The trick is to apply for a business credit card that reports to one of the three major commercial credit bureaus. To find out if your credit card issuer sends its information to a credit agency, scour their website FAQs or call customer service for more information. You can also see a list of major credit card issuers that report to credit bureaus here.
Once you get your new business credit card, come up with a strategy for how you’ll use it. One option is to designate your card for specific business expenses, like office supplies or fuel for your delivery trucks. That way, you can easily control your monthly spending and schedule regular payments to keep your balance low.
5. Add trade references to your credit file
Many credit bureaus use trade references to get a glimpse into your payment history with vendors and suppliers. Trade references are based on a handful of factors, like the manner of payment, the current amount you owe, and the current amount (if any) that’s past due. Positive trade references help boost your business credit score.
If you work with a handful of different vendors to buy supplies or materials for your business, ask them to report your payments to a business credit bureau. As long as you abide by the terms of your trade agreement—like paying within 30 or 60 days after receiving your goods—your trade references should be positive.
If your vendors don’t want to report to a credit bureau, you can still list them as a trade reference on your credit bureau accounts. The credit bureaus you report to will then follow up to gather your payment information.
Building better business credit
Whether your business is new or more established, it’s crucial to work on improving your business credit score.

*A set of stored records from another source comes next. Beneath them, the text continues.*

Lemma no_AP_crl (K : forall T, crl_ops T -> Prop) :
  (forall T o, SemCIRL T o -> n_potent o 2 -> K T o) ->
  (forall T o, K T o -> SemCRL T o) -> ~ AP_crl K.
Proof.
  intros Hlow Hup AP.
  assert (chain : forall X (f : fle_ops X), MTL X f -> n_potent (fcrl f) 2 -> K X (fcrl f))
    by (intros; apply Hlow; auto using MTL_SemCIRL).
  destruct (AP _ _ _ oP3 oQ4 oR5 P3_to_Q4 P3_to_R5
              (chain _ _ P3_MTL P3_2potent) (chain _ _ Q4_MTL Q4_2potent)
              (chain _ _ R5_MTL R5_2potent) (proj1 P3_to_Q4_emb) (proj1 P3_to_R5_emb))
    as (D & oD & h & k & HD & Hh & Hk & Hhk).
  exact (no_semilinear_amalgam (Hup _ _ HD) Hh Hk Hhk).
Qed.

Lemma no_AP_fle (K : forall T, fle_ops T -> Prop) :
  (forall T o, MTL T o -> n_potent (fcrl o) 2 -> K T o) ->
  (forall T o, K T o -> SemFLe T o) -> ~ AP_fle K.
Proof.
  intros Hlow Hup AP.
  destruct (AP _ _ _ fP3 fQ4 fR5 P3_to_Q4 P3_to_R5
              (Hlow _ _ P3_MTL P3_2potent) (Hlow _ _ Q4_MTL Q4_2potent)
              (Hlow _ _ R5_MTL R5_2potent) P3_to_Q4_emb P3_to_R5_emb)
    as (D & oD & h & k & HD & Hh & Hk & Hhk).
  exact (no_semilinear_amalgam (Hup _ _ HD) (proj1 Hh) (proj1 Hk) Hhk).
Qed.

Adjusting your payment habits and maintaining healthy credit can increase your score over time, putting you in a better position to secure funding and continue growing.
Fundbox and its affiliates do not provide tax, legal or accounting advice. This material has been prepared for informational purposes only, and is not intended to provide, and should not be relied on for, tax, legal or accounting advice. You should consult your own tax, legal and accounting advisors before engaging in any transaction.